In former years, most of the working population was trained within the dual vocational education and training (VET) system. Now, half of all school-leavers pursue academic education focusing on theory. Industry in the federal state of Hesse therefore demands adaptation of the education system to current requirements since it has remained the same for decades.

‘Our education system currently aggravates the skilled-labour shortage. As long as theoretical university education and practice-oriented VET coexist without much permeability and even increasingly compete with each other, we will gamble away the exemplary success of the German dual VET system. We moreover produce significant numbers of university dropouts.

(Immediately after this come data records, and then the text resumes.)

Lemma mean_centered_bit a i : mean (rr a) (centered_bit^~ i) = if i == a then c else 0.
Proof.
rewrite (mean_prod_coord (rr_coord_sum1 a) i (fun b => (if b then 1 else 0) - (1 - keep_prob))).
by rewrite /mean big_bool /rr_coord /flip /keep_prob; case: (i == a) => /=; field.
Qed.

Lemma mean_centered_bitM a i i' : i != i' ->
  mean (rr a) (fun s => centered_bit s i * centered_bit s i') = 0.
Proof.
move=> neq; rewrite (@mean_prod_indep _ _ _ (rr_coord_sum1 a) (pred1 i)).
- rewrite !mean_centered_bit; case: (eqVneq i a) => [eq_ia|]; last by rewrite Rmult_0_l.
  by move: neq; rewrite eq_ia eq_sym => /negbTE ->; rewrite Rmult_0_r.
- by move=> z z' zz'; rewrite /centered_bit (zz' i (eqxx i)).
- by move=> z z' zz'; rewrite /centered_bit (zz' i') //= eq_sym.
Qed.

Lemma mean_centered_bit_sqr01 a i :
  0 <= mean (rr a) (fun s => centered_bit s i * centered_bit s i) <= 1.
Proof.
apply: mean_01 => [s||s]; [exact: rr_ge0 | exact: rr_sum1 |].
by rewrite /centered_bit /keep_prob; case: (s i); split; nra.
Qed.

Definition rr_ratio : R := (1 + c) / (1 - c).

Lemma rr_ratio_ge1 : 1 <= rr_ratio.
Proof.
rewrite /rr_ratio (_ : (1 + c) / (1 - c) = 1 + 2 * c * / (1 - c)); last by field; lra.
have : 0 < / (1 - c) by apply: Rinv_0_lt_compat; lra.
nra.
Qed.

Lemma rr_input_factor a s :
  rr a s = \big[Rmult/R1]_i flip (s i) false * (if s a then rr_ratio else / rr_ratio).
Proof.
rewrite /rr /prod_weight (bigD1 a) //= [in RHS](bigD1 a) //= /rr_coord eqxx.
rewrite (eq_bigr (fun i => flip (s i) false)); last by move=> i /negbTE ->.
by rewrite /flip /rr_ratio /keep_prob; case: (s a) => /=; field; lra.
Qed.

Lemma rr_LDP a a' s : rr a s <= rr_ratio * rr_ratio * rr a' s.
Proof.
rewrite !rr_input_factor -Rmult_assoc (Rmult_comm (rr_ratio * rr_ratio)) Rmult_assoc.
apply: Rmult_le_compat_l; first by apply: rprod_ge0 => i _; exact: flip_ge0.
have ratio_ge1 := rr_ratio_ge1.
have inv_le1 : / rr_ratio <= 1 by rewrite -Rinv_1; apply: Rinv_le_contravar; lra.
have inv_ratio : rr_ratio * rr_ratio * / rr_ratio = rr_ratio by field; lra.
have factor_ge b : / rr_ratio <= (if b then rr_ratio else / rr_ratio) by case: b; lra.
have factor_le b : (if b then rr_ratio else / rr_ratio) <= rr_ratio by case: b; lra.
apply: Rle_trans (factor_le (s a)) _; rewrite -{1}inv_ratio.
by apply: Rmult_le_compat_l; [nra | exact: factor_ge].
Qed.

End RandomizedResponse.

Section PairChannel.
Variables (k : nat) (c : R).
Hypothesis c_ge0 : 0 <= c.
Hypothesis c_lt1 : c < 1.

Definition bits := {ffun 'I_k -> bool}.
Definition message := (bits * bits)%type.

Definition channel (x : pair_dom k) (z : message) : R := rr c x.1 z.1 * rr c x.2 z.2.

Lemma channel_ge0 x z : 0 <= channel x z.
Proof. by apply: Rmult_le_pos; apply: rr_ge0; lra. Qed.

Lemma channel_sum1 x : \big[Rplus/R0]_z channel x z = 1.
Proof.
rewrite -(pair_big xpredT xpredT (fun a b => rr c x.1 a * rr c x.2 b)) /=.
under eq_bigr => a _ do rewrite -big_distrr /= rr_sum1 Rmult_1_r.
exact: rr_sum1.
Qed.

Lemma channel_LDP x x' z :
  channel x z <= rr_ratio c * rr_ratio c * (rr_ratio c * rr_ratio c) * channel x' z.
Proof.
have LDP1 := rr_LDP c_ge0 c_lt1 x.1 x'.1 z.1; have LDP2 := rr_LDP c_ge0 c_lt1 x.2 x'.2 z.2.
rewrite /channel (_ : forall a b d e : R, a * b * (d * e) = (a * d) * (b * e)); last by move=> *; ring.
by apply: Rmult_le_compat => //; apply: rr_ge0; lra.
Qed.

Variable p : pair_dom k -> R.
Hypothesis p_ge0 : forall x, 0 <= p x.
Hypothesis p_sum1 : \big[Rplus/R0]_x p x = 1.

Definition message_law (z : message) : R := mean p (channel^~ z).

Definition marg1 (a : 'I_k) : R := \big[Rplus/R0]_b p (a, b).
Definition marg2 (b : 'I_k) : R := \big[Rplus/R0]_a p (a, b).

Definition bit_moment (a i i' : 'I_k) : R :=
  mean (rr c a) (fun s => centered_bit c s i * centered_bit c s i').

Lemma message_law_ge0 z : 0 <= message_law z.
Proof. by apply: rsum_ge0 => x _; apply: Rmult_le_pos => //; exact: channel_ge0. Qed.

Lemma message_law_sum1 : \big[Rplus/R0]_z message_law z = 1.
Proof.
rewrite /message_law /mean exchange_big /= -p_sum1; apply: eq_bigr => x _.
by rewrite -big_distrr /= channel_sum1 Rmult_1_r.
Qed.

Lemma mean_message_law (h1 h2 : bits -> R) :
  mean message_law (fun z => h1 z.1 * h2 z.2) =
  mean p (fun x => mean (rr c x.1) h1 * mean (rr c x.2) h2).
Proof.
rewrite /mean /message_law.
under eq_bigr => z _ do rewrite /mean big_distrl.
rewrite exchange_big /=; apply: eq_bigr => x _.
under eq_bigr => z _ do rewrite Rmult_assoc.
rewrite -big_distrr /=; congr (_ * _).
rewrite -(pair_big xpredT xpredT (fun a b => channel x (a, b) * (h1 a * h2 b))) /=.
rewrite big_distrl; apply: eq_bigr => a _ /=; rewrite big_distrr; apply: eq_bigr => b _ /=.
by rewrite /channel /=; ring.
Qed.

Lemma mean_message_law1 (h : bits -> R) :
  mean message_law (fun z => h z.1) = mean p (fun x => mean (rr c x.1) h).
Proof.
rewrite (@eq_mean _ _ _ (fun z => h z.1 * 1)); last by move=> z; ring.
by rewrite (mean_message_law h (fun _ => 1)); apply: eq_mean => x; rewrite mean_const ?rr_sum1 //; ring.
Qed.

Lemma mean_message_law2 (h : bits -> R) :
  mean message_law (fun z => h z.2) = mean p (fun x => mean (rr c x.2) h).
Proof.
rewrite (@eq_mean _ _ _ (fun z => 1 * h z.2)); last by move=> z; ring.
by rewrite (mean_message_law (fun _ => 1) h); apply: eq_mean => x; rewrite mean_const ?rr_sum1 //; ring.
Qed.

Local Notation cbit := (centered_bit c).

Definition triple_stat (z1 z2 z3 : message) (I : pair_dom k) : R :=
  cbit z1.1 I.1 * cbit z1.2 I.2 - cbit z2.1 I.1 * cbit z3.2 I.2.

Definition joint_part (I : pair_dom k) : R := c * c * p I.
Definition product_part (I : pair_dom k) : R := c * marg1 I.1 * (c * marg2 I.2).

Definition joint_moment (I J : pair_dom k) : R :=
  mean p (fun x => bit_moment x.1 I.1 J.1 * bit_moment x.2 I.2 J.2).
Definition product_moment (I J : pair_dom k) : R :=
  mean p (fun x => bit_moment x.1 I.1 J.1) * mean p (fun x => bit_moment x.2 I.2 J.2).

Lemma mean_cbit1 i : mean message_law (fun z => cbit z.1 i) = c * marg1 i.
Proof.
rewrite (mean_message_law1 (cbit^~ i)); under eq_mean => x do rewrite mean_centered_bit.
rewrite /mean rsum_pair (eq_bigr (fun a => if i == a then c * marg1 a else 0)) ?rsum_pred1 //.
move=> a _ /=; case: (i == a); last by rewrite big1 // => b _; ring.
by rewrite /marg1 big_distrr /=; apply: eq_bigr => b _; ring.
Qed.

Lemma mean_cbit2 j : mean message_law (fun z => cbit z.2 j) = c * marg2 j.
Proof.
rewrite (mean_message_law2 (cbit^~ j)); under eq_mean => x do rewrite mean_centered_bit.
rewrite /mean rsum_pair exchange_big /=.
rewrite (eq_bigr (fun b => if j == b then c * marg2 b else 0)) ?rsum_pred1 //.
move=> b _ /=; case: (j == b); last by rewrite big1 // => a _; ring.
by rewrite /marg2 big_distrr /=; apply: eq_bigr => a _; ring.
Qed.

Lemma mean_cbit12 I : mean message_law (fun z => cbit z.1 I.1 * cbit z.2 I.2) = joint_part I.
Proof.
rewrite (mean_message_law (cbit^~ I.1) (cbit^~ I.2)).
under eq_mean => x do rewrite !mean_centered_bit.
rewrite /mean (eq_bigr (fun x => if I == x then c * c * p x else 0)) ?rsum_pred1 //.
move=> [a b] _; case: I => i j /=.
by rewrite xpair_eqE; case: (i == a); case: (j == b) => /=; ring.
Qed.

Lemma block_mean_triple I :
  block_mean message_law triple_stat I = joint_part I - product_part I.
Proof.
rewrite /block_mean /triple_stat.
by rewrite (mean3_diff message_law_sum1 (fun z => cbit z.1 I.1 * cbit z.2 I.2)
  (fun z => cbit z.1 I.1) (fun z => cbit z.2 I.2)) mean_cbit12 mean_cbit1 mean_cbit2.
Qed.

Lemma block_moment_triple I J :
  block_moment message_law triple_stat I J =
  joint_moment I J - joint_part I * product_part J - joint_part J * product_part I
  + product_moment I J.
Proof.
rewrite /block_moment /triple_stat.
rewrite (mean3_diffM message_law_sum1 (fun I z => cbit z.1 I.1 * cbit z.2 I.2)
  (fun I z => cbit z.1 I.1) (fun I z => cbit z.2 I.2)) /=.
rewrite !mean_cbit12 !mean_cbit1 !mean_cbit2.
rewrite (@eq_mean _ _ _ (fun z => (fun s => cbit s I.1 * cbit s J.1) z.1
                              * (fun s => cbit s I.2 * cbit s J.2) z.2)); last by move=> z /=; ring.
rewrite (mean_message_law (fun s => cbit s I.1 * cbit s J.1) (fun s => cbit s I.2 * cbit s J.2)).
rewrite (mean_message_law1 (fun s => cbit s I.1 * cbit s J.1)).
by rewrite (mean_message_law2 (fun s => cbit s I.2 * cbit s J.2)).
Qed.

End PairChannel.

Section DiagonalForms.
Variable T : finType.

Definition diag01 (M : T -> T -> R) : Prop :=
  (forall i j, i != j -> M i j = 0) /\ (forall i, 0 <= M i i <= 1).

Lemma rsum_diag (M : T -> T -> R) (F : T -> R) i : (forall j, i != j -> M i j = 0) ->
  \big[Rplus/R0]_j (F j * M i j) = F i * M i i.
Proof.
move=> M0; rewrite (bigD1 i) //= big1 ?Rplus_0_r // => j ji.
by rewrite M0 ?Rmult_0_r // eq_sym.
Qed.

This is why we are in favour of forming one joint education system that lifts access barriers and unifies theoretical and practical learning’, says Volker Fasbender, chief executive officer of the federation of Hessian entrepreneurs associations (VhU - Vereinigung der hessischen Unternehmerverbände).

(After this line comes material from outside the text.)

(* Let $\psi$ be a phylogenetic network on a set of three taxa $\{A,B,C\}$, with one gene copy ($a$, $b$, $c$ respectively) sampled from each taxon. For every choice of branch lengths $\lambda$ and inheritance probabilities $\Gamma$, there is no gene tree topology $g$ on $\{a,b,c\}$ that is anomalous for $(\psi,\lambda,\Gamma)$; that is, there is no $g$ with $P_{\psi,\lambda,\Gamma}(G=g) > P_{\psi,\lambda,\Gamma}(G=t)$ for all $t\in\mathcal{W}(\psi)$. In other words, $\psi$ does not produce anomalies.
   Context: A phylogenetic network $\psi$ is a rooted directed acyclic graph with a unique root (in-degree 0, out-degree 2), in which every other node is either an internal tree node (in-degree 1, out-degree 2), a leaf (in-degree 1, out-degree 0, labeled by a taxon), or a reticulation node (in-degree 2, out-degree 1). It has branch lengths $\lambda$ (in coalescent units), and for each reticulation node $v$ with incoming edges $b_1,b_2$ it has inheritance probabilities $\gamma_{b_1},\gamma_{b_2}\ge 0$ with $\gamma_{b_1}+\gamma_{b_2}=1$; $\Gamma$ denotes all of these. Multispecies network coalescent: gene lineages are traced backward in time from the leaves; within each branch, every pair of lineages present coalesces independently at rate 1 per coalescent unit (Kingman coalescent), for the duration given by the branch length; when a lineage reaches a reticulation node $v$, it independently enters incoming edge $b$ with probability $\gamma_b$; above the root all remaining lineages coalesce (root branch of infinite length). $P_{\psi,\lambda,\Gamma}(G=g)$ denotes the resulting probability that the gene tree topology is $g$ (with gene copies identified with their taxa). MUL-tree of $\psi$: processing nodes from the leaves toward the root, for each reticulation node $h$ with parents $u,v$ and child $w$, make two copies of the subtree rooted at $w$, attach one as a child of $u$ and the other as a child of $v$, and delete $h$ and its incident edges. The result is a tree whose leaves may share taxon labels. Parental trees: $\mathcal{W}(\psi)$ is the set of tree topologies on $\{A,B,C\}$ obtained from the MUL-tree by retaining exactly one leaf labeled by each taxon, deleting the others, and repeatedly suppressing nodes of in-degree 1 and out-degree 1. A gene tree topology $g$ is anomalous for $(\psi,\lambda,\Gamma)$ if $P_{\psi,\lambda,\Gamma}(G=g)>P_{\psi,\lambda,\Gamma}(G=t)$ for all $t\in\mathcal{W}(\psi)$; $\psi$ produces anomalies if some $\lambda,\Gamma$ admit an anomalous gene tree. *)

From Stdlib Require Import Reals List Bool Arith.
Import ListNotations.
Open Scope R_scope.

For this purpose, VhU has developed a five-step programme:

  • to open up universities to skilled workers without university entrance qualifications and without proof of professional practice;
  • to offer a ‘vocational university entrance qualification’, an approximately six-month programme for apprentices at vocational schools, which proves their eligibility for university;
  • to accommodate vocational practitioners, university courses have to be reorganised and academic education has to be linked better to continuing vocational training programmes;
  • universities to offer extra-occupational modules that meet academic standards as well as bachelor and master degrees for vocational practitioners;
  • vocational schools to refocus their core task, that is, dual VET, and consistently cut back on educational programmes that compete with dual VET.

VhU and industry in Hesse aim to make VET also attractive to those young people who want to keep an option open to study. However, a surge in academic education has a risk that half school-leavers attain university degrees not in demand on the labour market.